→ **EXERCISE**:
First find the line with "by apply: eq_bigr => i iS;" in the entries below, then set down exactly every line through the line with "by rewrite add0r", that line included.

Dataset entries
Lemma multilinear_shift F y j s :
  ML F (fun i => y i + (if i == j then s else 0)) = ML F y + s * ML (marginal j F) y.
Proof.
rewrite !(multilinear_pivot _ _ j) mulr_sumr -big_split; apply: eq_bigr => S jS /=.
rewrite /marginal.
have -> : \prod_(i in S) (y i + (if i == j then s else 0)) = \prod_(i in S) y i.
  by apply: eq_bigr => i iS; rewrite ifN ?addr0 //; apply: contraNneq jS => <-.
have -> : \prod_(i in ~: (j |: S)) (1 - (y i + (if i == j then s else 0))) =
          \prod_(i in ~: (j |: S)) (1 - y i).
  by apply: eq_bigr => i; rewrite !inE negb_or => /andP[ij _]; rewrite ifN ?addr0.
have -> : S :\ j = S by apply/finset.setDidPl; rewrite disjoint_sym disjoints1.
by rewrite finset.setUA finset.setUid finset.setU1K // eqxx; ring.
Qed.

Lemma gradv_multilinear F y i : gradv (ML F) y i = ML (marginal i F) y.
Proof.
rewrite /gradv (_ : (fun s => _) = fun s => ML F y + s * ML (marginal i F) y).
  rewrite derive1E; apply: derive_val; apply: is_derive_eq.
  by rewrite add0r mul1r scaler0 add0r; apply: mulr1.
by apply/funext => s; rewrite multilinear_shift.
Qed.

Lemma multilinear_cst c y : ML (fun _ => c) y = c.
Proof.
have prod_split S : \prod_i (if i \in S then y i else 1 - y i) =
    \prod_(i in S) y i * \prod_(i in ~: S) (1 - y i).
  rewrite (bigID (mem S)) /=; congr (_ * _); first by apply: eq_bigr => i ->.
  by apply: eq_big => i; rewrite ?inE // => /negbTE ->.
transitivity (c * \prod_i (y i + (1 - y i))).
  rewrite bigA_distr mulr_sumr; apply: eq_big => // S _.
  by rewrite prod_split mulrA.
by rewrite big1 ?mulr1 // => i _; rewrite addrC subrK.
Qed.

Lemma ler_multilinear F H y : (forall i, 0 <= y i <= 1) -> (forall S, F S <= H S) ->
  ML F y <= ML H y.
Proof.
move=> y01 FH; apply: ler_sum => S _; rewrite -!mulrA ler_wpM2r //.
rewrite mulr_ge0 // prodr_ge0 // => i _; case/andP: (y01 i) => //.
by rewrite subr_ge0.
Qed.

Lemma multilinear_ge0 F y : (forall i, 0 <= y i <= 1) -> nonneg_sf F -> 0 <= ML F y.
Proof. by move=> y01 F0; rewrite -(multilinear_cst 0 y); apply: ler_multilinear. Qed.

Definition add_prefix y w (m : nat) : 'I_n -> R :=
  fun i => y i + (if (i < m)%N then w i else 0).

Lemma add_prefix0 y w : add_prefix y w 0 = y.
Proof. by apply/funext => i; rewrite /add_prefix addr0. Qed.

Lemma add_prefix_n y w : add_prefix y w n = (fun i => y i + w i).
Proof. by apply/funext => i; rewrite /add_prefix ltn_ord. Qed.

Lemma add_prefixS y w (m : 'I_n) :
  add_prefix y w m.+1 = (fun i => add_prefix y w m i + (if i == m then w m else 0)).
Proof.
apply/funext => i; rewrite /add_prefix ltnS leq_eqVlt val_eqE /=.
by case: (eqVneq i m) => [->|ne]; rewrite ?eqxx ?ltnn ?(negbTE ne) /= addr0.
Qed.

Lemma add_prefix_in01 y w m : (forall i, 0 <= y i) -> (forall i, 0 <= w i) ->
  (forall i, y i + w i <= 1) -> forall i, 0 <= add_prefix y w m i <= 1.
Proof.
move=> y0 w0 yw1 i; rewrite /add_prefix.
case: ifP => _; first by rewrite addr_ge0 ?yw1.
by rewrite addr0 y0 (le_trans _ (yw1 i)) // lerDl.
Qed.

Lemma multilinear_telescope_prefix F y w m : (m <= n)%N ->
  ML F (add_prefix y w m) =
  ML F y + \sum_(j : 'I_n | (j < m)%N) w j * ML (marginal j F) (add_prefix y w j).
Proof.
elim: m => [_|m IH hm]; first by rewrite add_prefix0 big_pred0 ?addr0.
rewrite (add_prefixS y w (Ordinal hm)) multilinear_shift [in LHS](IH (ltnW hm)) -addrA.
congr (_ + _); rewrite [RHS](bigD1 (Ordinal hm)) ?ltnSn // addrC; congr (_ + _).
by apply: eq_bigl => j; rewrite ltnS andbC -val_eqE ltn_neqAle.
Qed.

Lemma multilinear_telescope F y w : ML F (fun i => y i + w i) =
  ML F y + \sum_j w j * ML (marginal j F) (add_prefix y w j).
Proof.
rewrite -add_prefix_n multilinear_telescope_prefix //; congr (_ + _).
by apply: eq_bigl => j; rewrite ltn_ord.
Qed.

Lemma multilinear_add_lb H y w (a : 'I_n -> R) :
  (forall i, 0 <= y i) -> (forall i, 0 <= w i) -> (forall i, y i + w i <= 1) ->
  (forall j S, a j <= marginal j H S) ->
  ML H y + \sum_j w j * a j <= ML H (fun i => y i + w i).
Proof.
move=> y0 w0 yw1 Ha; rewrite multilinear_telescope lerD2l; apply: ler_sum => j _.
rewrite ler_wpM2l // -(multilinear_cst (a j) (add_prefix y w j)).
by apply: ler_multilinear; [exact: add_prefix_in01 | exact: Ha].
Qed.

Lemma multilinear_add_ub H y w (b : 'I_n -> R) :
  (forall i, 0 <= y i) -> (forall i, 0 <= w i) -> (forall i, y i + w i <= 1) ->
  (forall j S, marginal j H S <= b j) ->
  ML H (fun i => y i + w i) <= ML H y + \sum_j w j * b j.
Proof.
move=> y0 w0 yw1 Hb; rewrite multilinear_telescope lerD2l; apply: ler_sum => j _.
rewrite ler_wpM2l // -(multilinear_cst (b j) (add_prefix y w j)).
by apply: ler_multilinear; [exact: add_prefix_in01 | exact: Hb].
Qed.

Lemma marginal_ge0 F j S : monotone_sf F -> 0 <= marginal j F S.
Proof.
move=> Fmono; rewrite subr_ge0; apply: Fmono.
by apply/fintype.subsetP => x; rewrite !inE => /andP[_ ->]; rewrite orbT.
Qed.

Lemma multilinear_homo F y u : monotone_sf F ->
  (forall i, 0 <= y i) -> (forall i, y i <= u i) -> (forall i, u i <= 1) ->
  ML F y <= ML F u.
Proof.
move=> Fmono y0 yu u1.
have := @multilinear_add_lb F y (fun i => u i - y i) (fun _ => 0).
rewrite big1 => [|j _]; last by rewrite mulr0.
have -> : (fun i => y i + (u i - y i)) = u by apply/funext => i; rewrite addrC subrK.
rewrite addr0; apply=> // [i|i|j S]; first by rewrite subr_ge0.
  by rewrite addrC subrK.
exact: marginal_ge0.
Qed.

End Multilinear.

Lemma sum_prefix_mul_le (R : numDomainType) n (w : 'I_n -> R) : (forall i, 0 <= w i) ->
  2 * \sum_m w m * \sum_(j : 'I_n | (j < m)%N) w j <= (\sum_m w m) ^+ 2.
Proof.
move=> w0; set X := \sum_m _.
have XE : X = \sum_m w m * \sum_(j : 'I_n | (m < j)%N) w j.
  rewrite /X; under eq_bigr do rewrite mulr_sumr big_mkcond.
  under [RHS]eq_bigr do rewrite mulr_sumr big_mkcond.
  rewrite exchange_big; apply: eq_bigr => m _; apply: eq_bigr => j _.
  by case: ifP; rewrite // mulrC.
rewrite mulr_natl mulr2n {2}XE expr2 mulr_suml -big_split /=; apply: ler_sum => m _.
rewrite -mulrDr ler_wpM2l // [leRHS](bigID (fun j : 'I_n => (j < m)%N)) lerD2l.
rewrite [leRHS](bigID (fun j : 'I_n => (m < j)%N)) /= -[leLHS]addr0 lerD ?sumr_ge0 //.
by rewrite le_eqVlt; apply/orP; left; apply/eqP/eq_bigl => j; case: ltngtP.
Qed.
(* For each $\alpha\in\mathbb{Q}\cap[0,1]$ and each $\varepsilon>0$, there is a finite set $\Psi$ of definable predicates that weakly defines an $\varepsilon$-distal cell decomposition over $M_{[0,1]}$ for $\varphi_\alpha(x;y)$.
   Context: $M_{[0,1]}$ is the set of continuous nondecreasing functions $f:[0,1]\to[0,1]$ with $f(0)=0$, $f(1)=1$, with the sup metric, regarded as a metric structure in the language of binary predicates $\varphi_\alpha$ ($\alpha\in\mathbb{Q}\cap[0,1]$), where $\varphi_\alpha(f,g)=f(t)$ for any $t$ with $f(t)+g(t)=\alpha$ (independent of the choice of $t$). If $\phi(x;y)$ is a definable predicate and $\Psi$ is a finite set of definable predicates each of the form $\psi(x;y_1,\dots,y_k)$, then $\Psi$ weakly defines an $\varepsilon$-distal cell decomposition over $M$ for $\phi(x;y)$ if for every finite $B\subseteq M^y$ with $|B|\geq 2$ and every $a\in M^x$, there are $\psi\in\Psi$ and $b_1,\dots,b_k\in B$ such that $\psi(a;b_1,\dots,b_k)>0$ and for all $a'\in M^x$, $\psi(a';b_1,\dots,b_k)>0$ implies $|\phi(a;b)-\phi(a';b)|\leq\varepsilon$ for all $b\in B$. *)

From Stdlib Require Import Reals QArith Qreals List ClassicalEpsilon.
Open Scope R_scope.

(** * The structure M_[0,1]
    A continuous nondecreasing f : [0,1] -> [0,1] with f 0 = 0, f 1 = 1 is
    represented by its unique extension to R that is 0 on (-oo,0] and 1 on
    [1,+oo); such extensions are exactly the continuous nondecreasing
    f : R -> R with these boundary values. *)
Definition good (f : R -> R) : Prop :=
  (forall t, continuity_pt f t) /\
  (forall s t, s <= t -> f s <= f t) /\
  (forall t, t <= 0 -> f t = 0) /\
  (forall t, 1 <= t -> f t = 1).

Definition M01 : Type := { f : R -> R | good f }.

Definition fn (f : M01) : R -> R := proj1_sig f.

Definition Rsup (S : R -> Prop) : R :=
  epsilon (inhabits 0) (fun s => is_lub S s).
(* Let $1\leq a_1\leq\cdots\leq a_k$, $k\geq 3$, be a partition of a natural number $n$ such that $a_{k-1}\leq a_k-2$. Then $$S(a_1,\dots,a_{k-2},a_{k-1},a_k)\prec S(a_1,\dots,a_{k-2},a_{k-1}+1,a_k-1).$$
   Context: $M_k(G)$ denotes the number of closed walks of length $k$ in a graph $G$. For graphs $G,H$, $G\prec H$ means $M_k(G)\leq M_k(H)$ for all $k\geq 0$ with strict inequality for at least one $k$. For positive integers $a_1,\dots,a_k$, the starlike tree $S(a_1,\dots,a_k)$ is obtained from disjoint paths $P_{a_1+1},\dots,P_{a_k+1}$ ($P_m$ the path on $m$ vertices) by identifying one end vertex of each path into a single vertex (the center); the resulting pendant paths from the center are the branches, of lengths $a_1,\dots,a_k$. *)

From mathcomp Require Import all_boot.
Set Implicit Arguments. Unset Strict Implicit. Unset Printing Implicit Defensive.

(* A simple graph is a symmetric irreflexive relation e on a finite vertex type. *)

Fixpoint walks (T : finType) (e : rel T) (k : nat) (u v : T) : nat :=
  match k with
  | 0 => (u == v : nat)
  | k'.+1 => \sum_(w : T) (e u w : nat) * walks e k' w v
  end.

Definition closed_walks (T : finType) (e : rel T) (k : nat) : nat :=
  \sum_(u : T) walks e k u u.

Definition walk_prec (T1 T2 : finType) (e1 : rel T1) (e2 : rel T2) : Prop :=
  (forall k, closed_walks e1 k <= closed_walks e2 k) /\
  (exists k, closed_walks e1 k < closed_walks e2 k).

(* Starlike tree S(a_1,...,a_k) for s = [:: a_1; ...; a_k], on vertices
   0 .. sumn s : vertex 0 is the center; branch i (0-based) consists of the
   consecutive vertices p_i+1, ..., p_i+a_i with p_i = a_1+...+a_(i-1),
   forming a path, and the center is joined to each branch start p_i+1. *)
Definition branch_starts (s : seq nat) : seq nat :=
  [seq (sumn (take i s)).+1 | i <- iota 0 (size s)].

Definition star_adj_ord (s : seq nat) (x y : nat) : bool :=
  (* x < y assumed *)
  ((y == x.+1) && (y \notin branch_starts s)) ||
  ((x == 0) && (y \in branch_starts s)).

Definition starlike_rel (s : seq nat) : rel 'I_(sumn s).+1 :=
  fun x y => (x != y) && star_adj_ord s (minn x y) (maxn x y).
Arguments starlike_rel s : clear implicits.

From mathcomp Require Import all_boot zify.
Set Implicit Arguments. Unset Strict Implicit. Unset Printing Implicit Defensive.

(* The center r and the last two branches form a path P on a_(k-1) + a_k + 1
   vertices, and the move keeps this path but shifts r one step towards its
   middle; the other branches H stay attached to r. As r separates H from P,
   cutting closed walks at their passages through r expresses M_k of the tree
   through walks that start and end in H or at r, the closed walks of P (the
   same for both trees), and the closed walks at r inside P. All of them are
   monotone in the last quantity, and on a path the closed walks at a vertex
   only increase when the vertex moves towards the middle (by induction on the
   length, using the reflection of the path), strictly so for length
   2 a_(k-1) + 2. *)

(** * Closed walks through a cut vertex *)

Section Walks.
Variable T : finType.
Implicit Types (e : rel T) (u v : T).

Lemma walks_add e a b u v :
  walks e (a + b) u v = \sum_w walks e a u w * walks e b w v.
Proof.
elim: a u => [|a IH] u /=.
  rewrite (bigD1 u) //= eqxx mul1n big1 ?addn0 // => w /negbTE.
  by rewrite eq_sym => ->.
under eq_bigr do rewrite IH big_distrr.
rewrite exchange_big; apply: eq_bigr => x _.
rewrite big_distrl; apply: eq_bigr => w _.
by rewrite /= mulnA.
Qed.

Lemma walks1 e u v : walks e 1 u v = e u v.
Proof.
rewrite /= (bigD1 v) //= eqxx muln1 big1 ?addn0 // => w /negbTE ->.
by rewrite muln0.
Qed.

Lemma walksSr e k u v :
  walks e k.+1 u v = \sum_w walks e k u w * e w v.
Proof. by rewrite -addn1 walks_add; under eq_bigr do rewrite walks1. Qed.

Lemma walks_sym e : symmetric e -> forall k u v, walks e k u v = walks e k v u.
Proof.
move=> e_sym; elim=> [|k IH] u v; first by rewrite /= eq_sym.
by rewrite walksSr; apply: eq_bigr => w _; rewrite IH e_sym mulnC.
Qed.

End Walks.

Lemma ltn_sum (I : finType) (P : pred I) (F G : I -> nat) i0 :
  P i0 -> (forall i, P i -> F i <= G i) -> F i0 < G i0 ->
  \sum_(i | P i) F i < \sum_(i | P i) G i.
Proof.
move=> Pi0 FG FGi0; rewrite (bigD1 i0) //= [X in _ < X](bigD1 i0) //= -addSn.
by apply: leq_add => //; apply: leq_sum => i /andP[Pi _]; apply: FG.
Qed.

Section CutVertex.
Variables (T : finType) (r : T) (H : pred T).
Implicit Types (e : rel T) (u v w y : T).

Definition off_H e : rel T := fun u v => [&& e u v, ~~ H u & ~~ H v].

Definition cuts_H e := forall u v, H u -> ~~ H v -> e u v -> v = r.

Definition entry_walks e k y := \sum_(w | H w) e r w * walks e k w y.

Lemma off_H_sym e : symmetric e -> symmetric (off_H e).
Proof. by move=> e_sym u v; rewrite /off_H e_sym [~~ H u && _]andbC. Qed.

Lemma walks_off_H_into_H e k u v : ~~ H u -> H v -> walks (off_H e) k u v = 0.
Proof.
elim: k u => [|k IH] u Hu Hv /=.
  by case: eqP => // uv; rewrite uv Hv in Hu.
apply: big1 => w _; rewrite /off_H; case Hw: (H w); first by rewrite !andbF.
by rewrite IH ?Hw // muln0.
Qed.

→ **ANSWER FOR THIS EXERCISE**:
  by apply: eq_bigr => i iS; rewrite ifN ?addr0 //; apply: contraNneq jS => <-.
have -> : \prod_(i in ~: (j |: S)) (1 - (y i + (if i == j then s else 0))) =
          \prod_(i in ~: (j |: S)) (1 - y i).
  by apply: eq_bigr => i; rewrite !inE negb_or => /andP[ij _]; rewrite ifN ?addr0.
have -> : S :\ j = S by apply/finset.setDidPl; rewrite disjoint_sym disjoints1.
by rewrite finset.setUA finset.setUid finset.setU1K // eqxx; ring.
Qed.

Lemma gradv_multilinear F y i : gradv (ML F) y i = ML (marginal i F) y.
Proof.
rewrite /gradv (_ : (fun s => _) = fun s => ML F y + s * ML (marginal i F) y).
  rewrite derive1E; apply: derive_val; apply: is_derive_eq.
  by rewrite add0r mul1r scaler0 add0r; apply: mulr1.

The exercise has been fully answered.